Stored data entries:
┌──

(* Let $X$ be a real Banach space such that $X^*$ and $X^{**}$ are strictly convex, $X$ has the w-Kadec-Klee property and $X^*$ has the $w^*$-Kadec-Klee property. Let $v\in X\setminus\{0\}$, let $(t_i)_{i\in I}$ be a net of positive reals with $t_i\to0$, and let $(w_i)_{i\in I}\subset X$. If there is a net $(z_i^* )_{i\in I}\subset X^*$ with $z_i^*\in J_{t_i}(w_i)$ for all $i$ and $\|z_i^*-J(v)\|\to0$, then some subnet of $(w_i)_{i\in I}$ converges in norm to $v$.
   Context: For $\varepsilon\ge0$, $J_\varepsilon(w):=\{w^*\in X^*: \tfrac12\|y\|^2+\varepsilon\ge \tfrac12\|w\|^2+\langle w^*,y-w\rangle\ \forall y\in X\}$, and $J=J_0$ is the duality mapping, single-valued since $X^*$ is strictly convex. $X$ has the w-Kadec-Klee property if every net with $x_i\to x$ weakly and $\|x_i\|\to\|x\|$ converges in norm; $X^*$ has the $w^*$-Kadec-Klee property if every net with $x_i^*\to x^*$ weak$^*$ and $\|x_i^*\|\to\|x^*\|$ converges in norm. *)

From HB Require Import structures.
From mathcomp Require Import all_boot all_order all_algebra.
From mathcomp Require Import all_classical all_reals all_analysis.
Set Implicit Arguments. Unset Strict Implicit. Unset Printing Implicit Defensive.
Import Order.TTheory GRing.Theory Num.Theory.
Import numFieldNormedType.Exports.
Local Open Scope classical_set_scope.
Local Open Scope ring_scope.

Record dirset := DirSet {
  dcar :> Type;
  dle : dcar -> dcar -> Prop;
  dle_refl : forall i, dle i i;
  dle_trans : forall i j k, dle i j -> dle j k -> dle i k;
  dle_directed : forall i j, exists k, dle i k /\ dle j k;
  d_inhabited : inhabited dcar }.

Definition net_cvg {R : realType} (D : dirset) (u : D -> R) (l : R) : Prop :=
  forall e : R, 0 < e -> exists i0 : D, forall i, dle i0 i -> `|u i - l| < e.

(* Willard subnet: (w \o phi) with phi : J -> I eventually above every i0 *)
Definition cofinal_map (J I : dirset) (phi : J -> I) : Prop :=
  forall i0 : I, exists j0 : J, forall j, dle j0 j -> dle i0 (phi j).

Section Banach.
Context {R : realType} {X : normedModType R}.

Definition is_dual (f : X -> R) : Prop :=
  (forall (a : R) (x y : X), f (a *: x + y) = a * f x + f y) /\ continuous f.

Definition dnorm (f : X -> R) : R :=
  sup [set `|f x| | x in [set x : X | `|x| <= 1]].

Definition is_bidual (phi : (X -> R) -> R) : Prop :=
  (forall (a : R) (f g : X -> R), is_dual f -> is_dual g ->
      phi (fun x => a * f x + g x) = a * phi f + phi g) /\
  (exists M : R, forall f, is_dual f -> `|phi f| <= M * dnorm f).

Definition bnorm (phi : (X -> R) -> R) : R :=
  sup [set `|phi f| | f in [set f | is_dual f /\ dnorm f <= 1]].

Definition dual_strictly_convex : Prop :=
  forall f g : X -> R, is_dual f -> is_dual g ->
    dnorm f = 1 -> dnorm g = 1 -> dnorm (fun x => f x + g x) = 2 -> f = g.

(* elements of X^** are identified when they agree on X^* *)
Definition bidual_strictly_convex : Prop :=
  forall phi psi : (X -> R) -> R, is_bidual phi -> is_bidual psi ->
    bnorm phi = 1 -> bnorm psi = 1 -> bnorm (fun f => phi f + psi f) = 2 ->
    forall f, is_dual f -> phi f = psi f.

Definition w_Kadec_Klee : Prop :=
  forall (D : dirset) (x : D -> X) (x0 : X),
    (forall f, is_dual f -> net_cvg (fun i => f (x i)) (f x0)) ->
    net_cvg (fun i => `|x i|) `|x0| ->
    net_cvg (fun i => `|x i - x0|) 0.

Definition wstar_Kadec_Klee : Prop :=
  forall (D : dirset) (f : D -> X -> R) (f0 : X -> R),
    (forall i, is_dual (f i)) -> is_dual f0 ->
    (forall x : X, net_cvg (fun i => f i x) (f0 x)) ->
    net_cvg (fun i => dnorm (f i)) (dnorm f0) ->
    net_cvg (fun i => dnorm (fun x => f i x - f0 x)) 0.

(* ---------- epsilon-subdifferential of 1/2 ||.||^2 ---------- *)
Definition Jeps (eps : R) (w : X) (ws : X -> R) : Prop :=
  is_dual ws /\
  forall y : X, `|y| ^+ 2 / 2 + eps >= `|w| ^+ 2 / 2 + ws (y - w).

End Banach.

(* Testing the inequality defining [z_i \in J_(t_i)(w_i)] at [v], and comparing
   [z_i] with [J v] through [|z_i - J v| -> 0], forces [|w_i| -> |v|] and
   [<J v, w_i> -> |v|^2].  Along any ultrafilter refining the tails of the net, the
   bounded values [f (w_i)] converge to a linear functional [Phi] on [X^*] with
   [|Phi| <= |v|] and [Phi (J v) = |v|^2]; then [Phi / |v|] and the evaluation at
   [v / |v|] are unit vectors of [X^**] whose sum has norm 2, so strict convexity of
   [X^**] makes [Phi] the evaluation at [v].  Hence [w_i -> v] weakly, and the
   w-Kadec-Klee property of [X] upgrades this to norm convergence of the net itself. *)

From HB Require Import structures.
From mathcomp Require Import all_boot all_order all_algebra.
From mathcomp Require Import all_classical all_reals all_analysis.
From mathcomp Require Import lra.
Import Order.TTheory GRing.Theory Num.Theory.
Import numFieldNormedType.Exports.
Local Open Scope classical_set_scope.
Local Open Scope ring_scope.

└──

▶ _What to produce_
Each entry should be retyped exactly as given.

▶ _The answer_
(* Let $X$ be a real Banach space such that $X^*$ and $X^{**}$ are strictly convex, $X$ has the w-Kadec-Klee property and $X^*$ has the $w^*$-Kadec-Klee property. Let $v\in X\setminus\{0\}$, let $(t_i)_{i\in I}$ be a net of positive reals with $t_i\to0$, and let $(w_i)_{i\in I}\subset X$. If there is a net $(z_i^* )_{i\in I}\subset X^*$ with $z_i^*\in J_{t_i}(w_i)$ for all $i$ and $\|z_i^*-J(v)\|\to0$, then some subnet of $(w_i)_{i\in I}$ converges in norm to $v$.
   Context: For $\varepsilon\ge0$, $J_\varepsilon(w):=\{w^*\in X^*: \tfrac12\|y\|^2+\varepsilon\ge \tfrac12\|w\|^2+\langle w^*,y-w\rangle\ \forall y\in X\}$, and $J=J_0$ is the duality mapping, single-valued since $X^*$ is strictly convex. $X$ has the w-Kadec-Klee property if every net with $x_i\to x$ weakly and $\|x_i\|\to\|x\|$ converges in norm; $X^*$ has the $w^*$-Kadec-Klee property if every net with $x_i^*\to x^*$ weak$^*$ and $\|x_i^*\|\to\|x^*\|$ converges in norm. *)

From HB Require Import structures.
From mathcomp Require Import all_boot all_order all_algebra.
From mathcomp Require Import all_classical all_reals all_analysis.
Set Implicit Arguments. Unset Strict Implicit. Unset Printing Implicit Defensive.
Import Order.TTheory GRing.Theory Num.Theory.
Import numFieldNormedType.Exports.
Local Open Scope classical_set_scope.
Local Open Scope ring_scope.

Record dirset := DirSet {
  dcar :> Type;
  dle : dcar -> dcar -> Prop;
  dle_refl : forall i, dle i i;
  dle_trans : forall i j k, dle i j -> dle j k -> dle i k;
  dle_directed : forall i j, exists k, dle i k /\ dle j k;
  d_inhabited : inhabited dcar }.

Definition net_cvg {R : realType} (D : dirset) (u : D -> R) (l : R) : Prop :=
  forall e : R, 0 < e -> exists i0 : D, forall i, dle i0 i -> `|u i - l| < e.

(* Willard subnet: (w \o phi) with phi : J -> I eventually above every i0 *)
Definition cofinal_map (J I : dirset) (phi : J -> I) : Prop :=
  forall i0 : I, exists j0 : J, forall j, dle j0 j -> dle i0 (phi j).

Section Banach.
Context {R : realType} {X : normedModType R}.

Definition is_dual (f : X -> R) : Prop :=
  (forall (a : R) (x y : X), f (a *: x + y) = a * f x + f y) /\ continuous f.

Definition dnorm (f : X -> R) : R :=
  sup [set `|f x| | x in [set x : X | `|x| <= 1]].

Definition is_bidual (phi : (X -> R) -> R) : Prop :=
  (forall (a : R) (f g : X -> R), is_dual f -> is_dual g ->
      phi (fun x => a * f x + g x) = a * phi f + phi g) /\
  (exists M : R, forall f, is_dual f -> `|phi f| <= M * dnorm f).

Definition bnorm (phi : (X -> R) -> R) : R :=
  sup [set `|phi f| | f in [set f | is_dual f /\ dnorm f <= 1]].

Definition dual_strictly_convex : Prop :=
  forall f g : X -> R, is_dual f -> is_dual g ->
    dnorm f = 1 -> dnorm g = 1 -> dnorm (fun x => f x + g x) = 2 -> f = g.

(* elements of X^** are identified when they agree on X^* *)
Definition bidual_strictly_convex : Prop :=
  forall phi psi : (X -> R) -> R, is_bidual phi -> is_bidual psi ->
    bnorm phi = 1 -> bnorm psi = 1 -> bnorm (fun f => phi f + psi f) = 2 ->
    forall f, is_dual f -> phi f = psi f.

Definition w_Kadec_Klee : Prop :=
  forall (D : dirset) (x : D -> X) (x0 : X),
    (forall f, is_dual f -> net_cvg (fun i => f (x i)) (f x0)) ->
    net_cvg (fun i => `|x i|) `|x0| ->
    net_cvg (fun i => `|x i - x0|) 0.

Definition wstar_Kadec_Klee : Prop :=
  forall (D : dirset) (f : D -> X -> R) (f0 : X -> R),
    (forall i, is_dual (f i)) -> is_dual f0 ->
    (forall x : X, net_cvg (fun i => f i x) (f0 x)) ->
    net_cvg (fun i => dnorm (f i)) (dnorm f0) ->
    net_cvg (fun i => dnorm (fun x => f i x - f0 x)) 0.

(* ---------- epsilon-subdifferential of 1/2 ||.||^2 ---------- *)
Definition Jeps (eps : R) (w : X) (ws : X -> R) : Prop :=
  is_dual ws /\
  forall y : X, `|y| ^+ 2 / 2 + eps >= `|w| ^+ 2 / 2 + ws (y - w).

End Banach.

(* Testing the inequality defining [z_i \in J_(t_i)(w_i)] at [v], and comparing
   [z_i] with [J v] through [|z_i - J v| -> 0], forces [|w_i| -> |v|] and
   [<J v, w_i> -> |v|^2].  Along any ultrafilter refining the tails of the net, the
   bounded values [f (w_i)] converge to a linear functional [Phi] on [X^*] with
   [|Phi| <= |v|] and [Phi (J v) = |v|^2]; then [Phi / |v|] and the evaluation at
   [v / |v|] are unit vectors of [X^**] whose sum has norm 2, so strict convexity of
   [X^**] makes [Phi] the evaluation at [v].  Hence [w_i -> v] weakly, and the
   w-Kadec-Klee property of [X] upgrades this to norm convergence of the net itself. *)

From HB Require Import structures.
From mathcomp Require Import all_boot all_order all_algebra.
From mathcomp Require Import all_classical all_reals all_analysis.
From mathcomp Require Import lra.
Import Order.TTheory GRing.Theory Num.Theory.
Import numFieldNormedType.Exports.
Local Open Scope classical_set_scope.
Local Open Scope ring_scope.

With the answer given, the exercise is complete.